> Problem details: Retype, without alteration, each line from the line containing "by rewrite dot0l." to the final line of the records.

** Data for this task follows **

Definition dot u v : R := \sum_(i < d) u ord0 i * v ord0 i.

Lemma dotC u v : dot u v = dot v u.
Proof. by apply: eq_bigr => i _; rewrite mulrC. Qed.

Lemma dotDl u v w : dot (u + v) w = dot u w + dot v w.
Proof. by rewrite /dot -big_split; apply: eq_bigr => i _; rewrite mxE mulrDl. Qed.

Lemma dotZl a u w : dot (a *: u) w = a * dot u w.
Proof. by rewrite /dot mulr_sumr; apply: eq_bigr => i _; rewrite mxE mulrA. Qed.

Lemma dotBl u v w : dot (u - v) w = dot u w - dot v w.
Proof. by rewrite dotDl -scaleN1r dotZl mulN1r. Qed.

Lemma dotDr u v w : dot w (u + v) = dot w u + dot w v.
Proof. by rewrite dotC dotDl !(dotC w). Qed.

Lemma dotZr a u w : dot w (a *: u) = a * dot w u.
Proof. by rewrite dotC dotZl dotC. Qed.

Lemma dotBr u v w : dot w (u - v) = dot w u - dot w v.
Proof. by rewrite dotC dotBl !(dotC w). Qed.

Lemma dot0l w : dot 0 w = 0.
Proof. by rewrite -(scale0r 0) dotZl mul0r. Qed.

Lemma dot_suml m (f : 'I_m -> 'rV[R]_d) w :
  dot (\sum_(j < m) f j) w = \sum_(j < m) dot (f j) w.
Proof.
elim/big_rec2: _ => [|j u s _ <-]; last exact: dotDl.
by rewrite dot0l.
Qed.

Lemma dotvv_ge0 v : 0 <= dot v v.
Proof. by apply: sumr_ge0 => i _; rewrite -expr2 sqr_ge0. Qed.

** End of Data for this task **

> Finished exercise:
by rewrite dot0l.
Qed.

Lemma dotvv_ge0 v : 0 <= dot v v.
Proof. by apply: sumr_ge0 => i _; rewrite -expr2 sqr_ge0. Qed.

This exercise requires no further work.